Saved entries:
--
Lemma mu_reparam f x so s : smooth f -> f (reparam so s) <> 0 ->
  mu (fun t => f (reparam so t)) x s = mu f x (reparam so s) + reparam_gain f so s.
Proof.
  intros Hf Hnz.
  assert (Hpsi : forall t, ex_derive (reparam so) t)
    by (intros t; eexists; apply is_derive_reparam).
  assert (Hpsi' : forall t, ex_derive (Derive (reparam so)) t)
    by (intros t; eexists; apply is_derive_Derive_reparam).
  rewrite (mu_comp f (reparam so) (Hf 1%nat) (Hf 2%nat) Hpsi Hpsi' x s Hnz).
  rewrite Derive_reparam, Derive_n_reparam_2; reflexivity.
Qed.

Lemma reparam_gain_numerator_pos t e A F0 F1 M :
  0 < t <= 1 / 4 -> 0 < e <= 2 * t ^ 2 -> Rabs A <= M -> 2 * t * M < F1 * F0 ->
  0 < (1 - (1 + e / t ^ 2) ^ 2) * A - 2 * F1 * F0 * (2 * (e / t ^ 3) - e / t ^ 4).
Proof.
  intros Ht He HA HP.
  replace ((1 - (1 + e / t ^ 2) ^ 2) * A - 2 * F1 * F0 * (2 * (e / t ^ 3) - e / t ^ 4))
    with (e / t ^ 4 * (2 * F1 * F0 * (1 - 2 * t) - (2 * t ^ 2 + e) * A)) by (field; lra).
  apply Rmult_lt_0_compat; [apply Rdiv_lt_0_compat; [lra | apply pow_lt; lra]|].
  apply Rabs_le_between in HA.
  assert (Hw : 0 < 2 * t ^ 2 + e <= t) by nra.
  assert ((2 * t ^ 2 + e) * A <= t * M) by nra.
  assert (0 <= F1 * F0 * (1 - 4 * t)) by (apply Rmult_le_pos; nra).
  nra.
Qed.

Section Extension.

Variables (a : R) (f x : R -> R) (tau so : R).
Hypotheses (Hf : smooth f) (Hpos : forall s, a <= s -> 0 < f s)
  (Hmu : forall s, a <= s -> tau <= mu f x s) (Hso : a < so) (Hf1 : 0 < Derive f so).
(* A self-adjoint contraction S is the real part of a unitary: R = sqrt(1 - S^2)
   commutes with S, so U = S + iR is unitary and S = (U + U')/2 with U' the
   adjoint of U; hence N(S) <= (N(U) + N(U'))/2.  For an algebra norm
   N(TS +- ST) <= 2 N(T) N(S).  As TS +- ST is self-adjoint or skew-adjoint, each
   Re(e^{it}(TS +- ST)) is a scalar multiple of it of modulus at most 1, so
   w_N(TS +- ST) <= N(TS +- ST); and w_N(T) >= N(Re T) = N(T) for self-adjoint T.

   Completeness of H is used twice: the Riesz representation theorem (through a
   nearest point of a hyperplane) provides adjoints of bounded operators, and
   Y = 1 - R is the operator-norm limit of Y_{n+1} = (S^2 + Y_n^2)/2, Y_0 = 0,
   whose increments are dominated by those of the scalar iteration
   b_{n+1} = (1 + b_n^2)/2, b_0 = 0, which increases to 1 at rate O(1/n). *)

From HB Require Import structures.
From mathcomp Require Import all_boot all_order all_algebra.
From mathcomp Require Import complex.
From mathcomp Require Import boolp classical_sets reals ereal trigo.
From mathcomp Require Import ring lra.
Import Order.TTheory GRing.Theory Num.Theory.
Local Open Scope ring_scope.

Section LinearMaps.
Context {K : pzRingType} {U W : lmodType K} {f : U -> W}.
Hypothesis flin : linear f.

Lemma lin0 : f 0 = 0.
Proof.
have f00 := flin 1 0 0; rewrite !scale1r !addr0 in f00.
by apply: (addrI (f 0)); rewrite addr0 -f00.
Qed.

Lemma linD x y : f (x + y) = f x + f y.
Proof. by have := flin 1 x y; rewrite !scale1r. Qed.

Lemma linZ a x : f (a *: x) = a *: f x.
Proof. by rewrite -[a *: x]addr0 flin lin0 addr0. Qed.

Lemma linN x : f (- x) = - f x.
Proof. by rewrite -scaleN1r linZ scaleN1r. Qed.

Lemma linB x y : f (x - y) = f x - f y.
Proof. by rewrite linD linN. Qed.

End LinearMaps.

Section Rate.
Context {R : realType}.

Definition rate (n : nat) : R := n.+1%:R^-1.

Lemma rate_gt0 n : 0 < rate n.
Proof. by rewrite invr_gt0 ltr0Sn. Qed.

Lemma rate_ge0 n : 0 <= rate n.
Proof. exact/ltW/rate_gt0. Qed.

Lemma rate_le1 n : rate n <= 1.
Proof. by rewrite invf_le1 ?ltr0Sn // ler1n. Qed.

Lemma rate_le {m n} : (m <= n)%N -> rate n <= rate m.
Proof. by move=> le_mn; rewrite lef_pV2 ?posrE ?ltr0Sn // ler_nat. Qed.

Lemma rate_small (K e : R) : 0 < e -> exists n0, forall n, (n0 <= n)%N -> K * rate n < e.
Proof.
move=> e_gt0; exists (Num.Def.archi_bound (`|K| / e)) => n le_n0n.
have le_n0 : (Num.Def.archi_bound (`|K| / e))%:R <= n.+1%:R :> R by rewrite ler_nat leqW.
have := archi_boundP (divr_ge0 (normr_ge0 K) (ltW e_gt0)).
rewrite ltr_pdivrMr // => lt_K.
rewrite -ltr_pdivlMr ?rate_gt0 // invrK mulrC.
exact: le_lt_trans (ler_norm K) (lt_le_trans lt_K (ler_wpM2r (ltW e_gt0) le_n0)).
Qed.

Lemma ler_rate (r K : R) : (forall n, r <= K * rate n) -> r <= 0.
Proof.
move=> le_r; rewrite leNgt; apply/negP => /rate_small-/(_ K) [n0 lt_r].
by have := lt_r n0 (leqnn n0); rewrite ltNge le_r.
Qed.

Lemma normr_le_rate (r K : R) : (forall n, `|r| <= K * rate n) -> r = 0.
Proof. by move=> /ler_rate; rewrite normr_le0 => /eqP. Qed.

End Rate.

Lemma halfDhalf (F : numFieldType) : 2%:R^-1 + 2%:R^-1 = 1 :> F.
Proof. by rewrite -div1r -splitr. Qed.

Section ScalarIteration.
Context {R : realType}.

(* [sqrt_iter] below run on the scalar 1: it majorizes the operator iteration. *)
Fixpoint iter_bound (n : nat) : R :=
  if n is n'.+1 then 2^-1 * (1 + iter_bound n' ^+ 2) else 0.

Lemma iter_bound_ge0 n : 0 <= iter_bound n.
Proof. by case: n => //= n; rewrite mulr_ge0 ?invr_ge0 ?addr_ge0 ?sqr_ge0. Qed.

Lemma iter_bound_le1 n : iter_bound n <= 1.
Proof.
elim: n => [|n IH] /=; first exact: ler01.
by rewrite mulrC ler_pdivrMr ?ltr0n // mul1r; have := iter_bound_ge0 n; nra.
Qed.

Lemma iter_bound_le_succ n : iter_bound n <= iter_bound n.+1.
Proof.
rewrite /= mulrC ler_pdivlMr ?ltr0n //.
by have := iter_bound_le1 n; have := iter_bound_ge0 n; nra.
Qed.

Lemma iter_bound_rate n : 1 - iter_bound n <= 2 * rate n.
Proof.
rewrite /rate ler_pdivlMr ?ltr0Sn //.
elim: n => [|n IH]; first by rewrite /= subr0 mul1r ler1n.
rewrite -(natr1 (R := R) n.+1) [iter_bound _]/=.
have := iter_bound_ge0 n; have := iter_bound_le1 n; have : 1 <= n.+1%:R :> R by rewrite ler1n.
move: IH; set N := n.+1%:R; set b := iter_bound n => IH N1 b1 b0.
have : 0 <= (2 - (1 - b) * N) * (2 - (1 - b)) by apply: mulr_ge0; lra.
nra.
Qed.

End ScalarIteration.

Section ExtendedBounds.
Context {R : realType}.
Local Open Scope ereal_scope.

Lemma lee_min_mul {z A B X : \bar R} {a b u v : R} :
  a%:E <= A -> b%:E <= B -> u%:E <= X -> v%:E <= X ->
  (0 <= a)%R -> (0 <= b)%R -> (0 <= u)%R -> (0 <= v)%R ->
  z <= (a * u)%:E -> z <= (b * v)%:E -> z <= Order.min A B * X.
Proof.
move=> aA bB uX vX a0 b0 u0 v0 zau zbv; have [_|_] := leP A B.
  by apply: le_trans zau _; rewrite EFinM lee_pmul ?lee_fin.
by apply: le_trans zbv _; rewrite EFinM lee_pmul ?lee_fin.
Qed.

End ExtendedBounds.

Section ComplexFacts.
Local Open Scope complex_scope.
Context {R : realType}.
Local Notation C := R[i].
Local Notation normc := Normc.normc.
Local Notation Re := complex.Re.
Local Notation Im := complex.Im.

Lemma complexP (z w : C) : Re z = Re w -> Im z = Im w -> z = w.
Proof. by case: z w => a b [c d] /= -> ->. Qed.

Lemma ReD (z w : C) : Re (z + w) = Re z + Re w.
Proof. by case: z w => a b []. Qed.

Lemma ImD (z w : C) : Im (z + w) = Im z + Im w.
Proof. by case: z w => a b []. Qed.

Lemma ReN (z : C) : Re (- z) = - Re z.
Proof. by case: z. Qed.

Lemma Re_realM (r : R) (z : C) : Re (r%:C * z) = r * Re z.
Proof. by case: z => a b /=; rewrite mul0r subr0. Qed.

Lemma normc_real (r : R) : normc r%:C = `|r|.
Proof. by rewrite /Normc.normc /= expr0n /= addr0 sqrtr_sqr. Qed.

Lemma normc_ge0 (z : C) : 0 <= normc z.
Proof. by case: z => a b; apply: sqrtr_ge0. Qed.

Lemma normc_conj (z : C) : normc (conjc z) = normc z.
Proof. by case: z => a b; rewrite /Normc.normc /= sqrrN. Qed.

Lemma half_add : (2^-1 : R)%:C + (2^-1 : R)%:C = 1.
Proof. by rewrite -rmorphD /= halfDhalf. Qed.

Lemma normc_half : normc (2%:R^-1 : C) = 2^-1.
Proof. by rewrite -(rmorph_nat (real_complex R)) -fmorphV normc_real ger0_norm ?invr_ge0. Qed.

Lemma conjc_i : conjc 'i%C = - 'i%C :> C.
Proof. by apply: complexP => /=; rewrite ?oppr0. Qed.

Lemma mulii : 'i%C * 'i%C = -1 :> C.
Proof. by rewrite -expr2 sqr_i. Qed.

Lemma normcN1 : normc (-1 : C) = 1.
Proof. by rewrite normcN Normc.normc1. Qed.

Lemma normc_i : normc 'i%C = 1 :> R.
Proof. by rewrite /Normc.normc /= expr0n /= add0r expr1n sqrtr1. Qed.

Lemma normc_expi (t : R) : normc (expi t) = 1.
Proof. by rewrite /Normc.normc /expi /= cos2Dsin2 sqrtr1. Qed.

End ComplexFacts.

Section Hilbert.
Local Open Scope complex_scope.
Context {R : realType}.
Local Notation C := R[i].
Local Notation normc := Normc.normc.
Local Notation Re := complex.Re.
Local Notation Im := complex.Im.
Context {V : lmodType C} {ip : V -> V -> C}.
Local Notation nm := (hnorm ip).

Hypothesis hH : is_hilbert ip.

Let ipDZl : forall (a : C) (x y z : V), ip (a *: x + y) z = a * ip x z + ip y z.
Proof. by case: hH. Qed.

Let ipC : forall x y : V, ip y x = conjc (ip x y).
Proof. by case: hH. Qed.

Let ipxx_ge0 : forall x : V, 0 <= Re (ip x x).
Proof. by case: hH. Qed.

Let ipxx_eq0 : forall x : V, ip x x = 0 -> x = 0.
Proof. by case: hH. Qed.

Lemma ip_linear z : linear (ip^~ z).
Proof. by move=> a x y; apply: ipDZl. Qed.

Lemma ipD x y z : ip (x + y) z = ip x z + ip y z.
Proof. exact: (linD (ip_linear z)). Qed.

Lemma ip0l z : ip 0 z = 0.
Proof. exact: (lin0 (ip_linear z)). Qed.

Lemma ipZ a x z : ip (a *: x) z = a * ip x z.
Proof. exact: (linZ (ip_linear z)). Qed.

Lemma ipN x z : ip (- x) z = - ip x z.
Proof. exact: (linN (ip_linear z)). Qed.

Lemma ipB x y z : ip (x - y) z = ip x z - ip y z.
Proof. exact: (linB (ip_linear z)). Qed.

Lemma ipDr x y z : ip z (x + y) = ip z x + ip z y.
Proof. by rewrite ipC ipD rmorphD /= -!ipC. Qed.

Lemma ipZr a x z : ip z (a *: x) = conjc a * ip z x.
Proof. by rewrite ipC ipZ rmorphM /= -ipC. Qed.

Lemma ip0r z : ip z 0 = 0.
Proof. by rewrite -(scale0r 0) ipZr rmorph0 mul0r. Qed.

Lemma ipNr x z : ip z (- x) = - ip z x.
Proof. by rewrite -scaleN1r ipZr rmorphN1 mulN1r. Qed.

Lemma ipBr x y z : ip z (x - y) = ip z x - ip z y.
Proof. by rewrite ipDr ipNr. Qed.

Lemma Re_ipC x y : Re (ip y x) = Re (ip x y).
Proof. by rewrite ipC; case: (ip x y). Qed.

Lemma nm_ge0 x : 0 <= nm x.
Proof. exact: sqrtr_ge0. Qed.

Lemma nm_sq x : nm x ^+ 2 = Re (ip x x).
Proof. by rewrite sqr_sqrtr. Qed.

Lemma ipxx x : ip x x = (nm x ^+ 2)%:C.
Proof.
apply: complexP; first by rewrite nm_sq.
have := ipC x x; case: (ip x x) => a b /= [] /eqP.
by rewrite -subr_eq0 opprK -mulr2n mulrn_eq0 => /eqP.
Qed.

Lemma nm_sqD x y : nm (x + y) ^+ 2 = nm x ^+ 2 + 2 * Re (ip x y) + nm y ^+ 2.
Proof. by rewrite !nm_sq ipD !ipDr !ReD (Re_ipC x y); ring. Qed.

Lemma nm_sqB x y : nm (x - y) ^+ 2 = nm x ^+ 2 - 2 * Re (ip x y) + nm y ^+ 2.
Proof. by rewrite nm_sqD ipNr ReN !nm_sq ipN ipNr opprK; ring. Qed.

Lemma nmZ a x : nm (a *: x) = normc a * nm x.
Proof.
rewrite {1}/hnorm ipZ ipZr mulrA ipxx; case: a => a b.
have -> : Re ((a +i* b) * (a +i* b)^* * (nm x ^+ 2)%:C) = (a ^+ 2 + b ^+ 2) * nm x ^+ 2.
  by rewrite /=; ring.
by rewrite sqrtrM ?addr_ge0 ?sqr_ge0 // sqrtr_sqr ger0_norm ?nm_ge0.
Qed.

Lemma nm0 : nm 0 = 0.
Proof. by rewrite /hnorm ip0l sqrtr0. Qed.

Lemma nm_eq0 x : nm x = 0 -> x = 0.
Proof. by move=> nx0; apply: ipxx_eq0; rewrite ipxx nx0 expr0n. Qed.

Lemma nmN x : nm (- x) = nm x.
Proof. by rewrite -scaleN1r nmZ normcN1 mul1r. Qed.

Lemma nmBC x y : nm (x - y) = nm (y - x).
Proof. by rewrite -nmN opprB. Qed.

Lemma nm_scalei x : nm ('i%C *: x) = nm x.
Proof. by rewrite nmZ normc_i mul1r. Qed.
--
**WHAT THE EXERCISE ASKS**
Up to and including the line with "replace ((1 - (1", output each line of the entries above exactly, starting from the first.

**ANSWER TO THIS PROBLEM**
Lemma mu_reparam f x so s : smooth f -> f (reparam so s) <> 0 ->
  mu (fun t => f (reparam so t)) x s = mu f x (reparam so s) + reparam_gain f so s.
Proof.
  intros Hf Hnz.
  assert (Hpsi : forall t, ex_derive (reparam so) t)
    by (intros t; eexists; apply is_derive_reparam).
  assert (Hpsi' : forall t, ex_derive (Derive (reparam so)) t)
    by (intros t; eexists; apply is_derive_Derive_reparam).
  rewrite (mu_comp f (reparam so) (Hf 1%nat) (Hf 2%nat) Hpsi Hpsi' x s Hnz).
  rewrite Derive_reparam, Derive_n_reparam_2; reflexivity.
Qed.

Lemma reparam_gain_numerator_pos t e A F0 F1 M :
  0 < t <= 1 / 4 -> 0 < e <= 2 * t ^ 2 -> Rabs A <= M -> 2 * t * M < F1 * F0 ->
  0 < (1 - (1 + e / t ^ 2) ^ 2) * A - 2 * F1 * F0 * (2 * (e / t ^ 3) - e / t ^ 4).
Proof.
  intros Ht He HA HP.
  replace ((1 - (1 + e / t ^ 2) ^ 2) * A - 2 * F1 * F0 * (2 * (e / t ^ 3) - e / t ^ 4))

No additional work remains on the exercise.